Instructions for the task: An exact printout of all the entries is required.

Data for the task:
Lemma rel_int_extend N (C : set 'cV[R]_N) x0 v : rel_int C x0 -> C v ->
  exists2 e : R, 0 < e &
    forall e', 0 < e' -> e' <= e -> C ((1 + e') *: x0 + (1 - (1 + e')) *: v).
Proof.
move=> [Cx0 [er er0 her]] Cv.
pose d i := `|x0 i 0 - v i 0|; pose M := 1 + \sum_i d i.
have dM i : d i < M.
  rewrite /M (bigD1 i) //=.
  have : 0 <= \sum_(j | j != i) d j by apply: sumr_ge0 => j _; rewrite normr_ge0.
  lra.
have M0 : 0 < M.
  rewrite /M; have : 0 <= \sum_i d i by apply: sumr_ge0 => j _; rewrite normr_ge0.
  lra.
exists (er / M); first by rewrite divr_gt0.
move=> e' e'0 e'e; apply: her.
  exists 2%N, (fun j : 'I_2 => if val j == 0%N then x0 else v),
    (fun j : 'I_2 => if val j == 0%N then 1 + e' else 1 - (1 + e')).
  split; first by move=> j; case: ifP.
  by rewrite !big_ord_recl big_ord0 /=; split; [ring|rewrite big_ord0 addr0].
move=> i; rewrite !mxE.
have -> : (1 + e') * x0 i 0 + (1 - (1 + e')) * v i 0 - x0 i 0 = e' * (x0 i 0 - v i 0) by ring.
rewrite normrM (gtr0_norm e'0) -/(d i).
apply: (le_lt_trans (ler_wpM2r (normr_ge0 _) e'e)).
by rewrite -(ltr_pM2r M0) -mulrA [d i * M]mulrC mulrA divfK ?gt_eqF // ltr_pM2l.
Qed.

Definition comb_epi N (t : R) (u v : 'cV[R]_N * R) : 'cV[R]_N * R :=
  (t *: u.1 + (1 - t) *: v.1, t * u.2 + (1 - t) * v.2).

(* [h] on [dom h] presented as the value of a convex problem on R^N x R with affine
   constraints [cm_cons j <= 0] and a relative-interior point above [x0]: the graph of
   [h] when [x0] is in ri(dom h), the epigraph of [h] when [h] is polyhedral. *)
Record convex_model N (h : 'cV[R]_N -> \bar R) (x0 : 'cV[R]_N) := ConvexModel {
  cm_size : nat;
  cm_dom : set ('cV[R]_N * R);
  cm_val : 'cV[R]_N * R -> R;
  cm_cons : 'I_cm_size -> 'cV[R]_N * R -> R;
  cm_t0 : R;
  cm_convex_dom : convex_set (@comb_epi N) cm_dom;
  cm_convex_val : convex_on (@comb_epi N) cm_dom cm_val;
  cm_affine_cons : forall j, affine_fun (@comb_epi N) (cm_cons j);
  cm_ri : ri_point (@comb_epi N) cm_dom (x0, cm_t0);
  cm_cons_t0 : forall j, cm_cons j (x0, cm_t0) <= 0;
  cm_lift : forall x, dom h x -> exists t,
    [/\ cm_dom (x, t), cm_val (x, t) = fine (h x) & forall j, cm_cons j (x, t) <= 0];
  cm_proj : forall x t, cm_dom (x, t) -> (forall j, cm_cons j (x, t) <= 0) ->
    dom h x /\ fine (h x) <= cm_val (x, t)
}.

Lemma ri_convex_model N (h : 'cV[R]_N -> \bar R) x0 : proper_fun h -> convex_fun h -> rel_int (dom h) x0 ->
  inhabited (convex_model h x0).
Proof.
move=> hp hc hri.
have cdom : convex_set (@comb_epi N) (fun u => dom h u.1).
  by move=> t u v t0 t1 Du Dv; apply: le_lt_trans (hc _ _ _ t0 t1 Du Dv) _; rewrite ltry.
have hsum t u v : 0 <= t -> t <= 1 -> dom h u -> dom h v ->
    fine (h (t *: u + (1 - t) *: v)) <= t * fine (h u) + (1 - t) * fine (h v).
  move=> t0 t1 Du Dv; have := hc _ _ _ t0 t1 Du Dv.
  by rewrite (proper_domE hp (cdom t (u, 0) (v, 0) t0 t1 Du Dv)) lee_fin.
constructor; apply: (@ConvexModel N h x0 0 (fun u => dom h u.1) (fun u => fine (h u.1))
  (fun _ _ => 0) 0 cdom) => //.
- by move=> t u v t0 t1 Du Dv; apply: hsum.
- by move=> j t u v; rewrite !mulr0 addr0.
- split; first exact: hri.1.
  move=> v Dv; have [e e0 he] := rel_int_extend hri Dv.
  by exists e => // e' e'0 e'e; apply: he.
- by move=> x hx; exists 0.
Qed.

Lemma polyhedral_convex_model N (h : 'cV[R]_N -> \bar R) x0 : proper_fun h -> polyhedral_fun h -> dom h x0 ->
  inhabited (convex_model h x0).
Proof.
move=> hp [k [a [al [be hpoly]]]] hx0.
have hle x t : (h x <= t%:E)%E <-> forall j, dotv (a j) x + al j * t - be j <= 0.
  by split => [/hpoly hj j|hj]; [rewrite subr_le0|apply/hpoly => j; rewrite -subr_le0].
constructor; apply: (@ConvexModel N h x0 k setT (fun u => u.2)
  (fun j u => dotv (a j) u.1 + al j * u.2 - be j) (fine (h x0))) => //.
- by move=> j t u v; rewrite /= dotvDr !dotvZr; ring.
- by split => // v _; exists 1.
- by apply/hle; rewrite -proper_domE.
- by move=> x hx; exists (fine (h x)); split => //; apply/hle; rewrite -proper_domE.
- move=> x t _ /hle hxt; have hx : dom h x by apply: le_lt_trans hxt _; rewrite ltry.
  by split => //; move: hxt; rewrite (proper_domE hp hx) lee_fin.
Qed.

Lemma convex_modelP N (h : 'cV[R]_N -> \bar R) x0 : proper_fun h -> convex_fun h ->
  rel_int (dom h) x0 \/ (polyhedral_fun h /\ dom h x0) -> inhabited (convex_model h x0).
Proof.
move=> hp hc [hri|[hpoly hx0]]; first exact: ri_convex_model.
exact: polyhedral_convex_model.
Qed.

Answer area:
Lemma rel_int_extend N (C : set 'cV[R]_N) x0 v : rel_int C x0 -> C v ->
  exists2 e : R, 0 < e &
    forall e', 0 < e' -> e' <= e -> C ((1 + e') *: x0 + (1 - (1 + e')) *: v).
Proof.
move=> [Cx0 [er er0 her]] Cv.
pose d i := `|x0 i 0 - v i 0|; pose M := 1 + \sum_i d i.
have dM i : d i < M.
  rewrite /M (bigD1 i) //=.
  have : 0 <= \sum_(j | j != i) d j by apply: sumr_ge0 => j _; rewrite normr_ge0.
  lra.
have M0 : 0 < M.
  rewrite /M; have : 0 <= \sum_i d i by apply: sumr_ge0 => j _; rewrite normr_ge0.
  lra.
exists (er / M); first by rewrite divr_gt0.
move=> e' e'0 e'e; apply: her.
  exists 2%N, (fun j : 'I_2 => if val j == 0%N then x0 else v),
    (fun j : 'I_2 => if val j == 0%N then 1 + e' else 1 - (1 + e')).
  split; first by move=> j; case: ifP.
  by rewrite !big_ord_recl big_ord0 /=; split; [ring|rewrite big_ord0 addr0].
move=> i; rewrite !mxE.
have -> : (1 + e') * x0 i 0 + (1 - (1 + e')) * v i 0 - x0 i 0 = e' * (x0 i 0 - v i 0) by ring.
rewrite normrM (gtr0_norm e'0) -/(d i).
apply: (le_lt_trans (ler_wpM2r (normr_ge0 _) e'e)).
by rewrite -(ltr_pM2r M0) -mulrA [d i * M]mulrC mulrA divfK ?gt_eqF // ltr_pM2l.
Qed.

Definition comb_epi N (t : R) (u v : 'cV[R]_N * R) : 'cV[R]_N * R :=
  (t *: u.1 + (1 - t) *: v.1, t * u.2 + (1 - t) * v.2).

(* [h] on [dom h] presented as the value of a convex problem on R^N x R with affine
   constraints [cm_cons j <= 0] and a relative-interior point above [x0]: the graph of
   [h] when [x0] is in ri(dom h), the epigraph of [h] when [h] is polyhedral. *)
Record convex_model N (h : 'cV[R]_N -> \bar R) (x0 : 'cV[R]_N) := ConvexModel {
  cm_size : nat;
  cm_dom : set ('cV[R]_N * R);
  cm_val : 'cV[R]_N * R -> R;
  cm_cons : 'I_cm_size -> 'cV[R]_N * R -> R;
  cm_t0 : R;
  cm_convex_dom : convex_set (@comb_epi N) cm_dom;
  cm_convex_val : convex_on (@comb_epi N) cm_dom cm_val;
  cm_affine_cons : forall j, affine_fun (@comb_epi N) (cm_cons j);
  cm_ri : ri_point (@comb_epi N) cm_dom (x0, cm_t0);
  cm_cons_t0 : forall j, cm_cons j (x0, cm_t0) <= 0;
  cm_lift : forall x, dom h x -> exists t,
    [/\ cm_dom (x, t), cm_val (x, t) = fine (h x) & forall j, cm_cons j (x, t) <= 0];
  cm_proj : forall x t, cm_dom (x, t) -> (forall j, cm_cons j (x, t) <= 0) ->
    dom h x /\ fine (h x) <= cm_val (x, t)
}.

Lemma ri_convex_model N (h : 'cV[R]_N -> \bar R) x0 : proper_fun h -> convex_fun h -> rel_int (dom h) x0 ->
  inhabited (convex_model h x0).
Proof.
move=> hp hc hri.
have cdom : convex_set (@comb_epi N) (fun u => dom h u.1).
  by move=> t u v t0 t1 Du Dv; apply: le_lt_trans (hc _ _ _ t0 t1 Du Dv) _; rewrite ltry.
have hsum t u v : 0 <= t -> t <= 1 -> dom h u -> dom h v ->
    fine (h (t *: u + (1 - t) *: v)) <= t * fine (h u) + (1 - t) * fine (h v).
  move=> t0 t1 Du Dv; have := hc _ _ _ t0 t1 Du Dv.
  by rewrite (proper_domE hp (cdom t (u, 0) (v, 0) t0 t1 Du Dv)) lee_fin.
constructor; apply: (@ConvexModel N h x0 0 (fun u => dom h u.1) (fun u => fine (h u.1))
  (fun _ _ => 0) 0 cdom) => //.
- by move=> t u v t0 t1 Du Dv; apply: hsum.
- by move=> j t u v; rewrite !mulr0 addr0.
- split; first exact: hri.1.
  move=> v Dv; have [e e0 he] := rel_int_extend hri Dv.
  by exists e => // e' e'0 e'e; apply: he.
- by move=> x hx; exists 0.
Qed.

Lemma polyhedral_convex_model N (h : 'cV[R]_N -> \bar R) x0 : proper_fun h -> polyhedral_fun h -> dom h x0 ->
  inhabited (convex_model h x0).
Proof.
move=> hp [k [a [al [be hpoly]]]] hx0.
have hle x t : (h x <= t%:E)%E <-> forall j, dotv (a j) x + al j * t - be j <= 0.
  by split => [/hpoly hj j|hj]; [rewrite subr_le0|apply/hpoly => j; rewrite -subr_le0].
constructor; apply: (@ConvexModel N h x0 k setT (fun u => u.2)
  (fun j u => dotv (a j) u.1 + al j * u.2 - be j) (fine (h x0))) => //.
- by move=> j t u v; rewrite /= dotvDr !dotvZr; ring.
- by split => // v _; exists 1.
- by apply/hle; rewrite -proper_domE.
- by move=> x hx; exists (fine (h x)); split => //; apply/hle; rewrite -proper_domE.
- move=> x t _ /hle hxt; have hx : dom h x by apply: le_lt_trans hxt _; rewrite ltry.
  by split => //; move: hxt; rewrite (proper_domE hp hx) lee_fin.
Qed.

Lemma convex_modelP N (h : 'cV[R]_N -> \bar R) x0 : proper_fun h -> convex_fun h ->
  rel_int (dom h) x0 \/ (polyhedral_fun h /\ dom h x0) -> inhabited (convex_model h x0).
Proof.
move=> hp hc [hri|[hpoly hx0]]; first exact: ri_convex_model.
exact: polyhedral_convex_model.
Qed.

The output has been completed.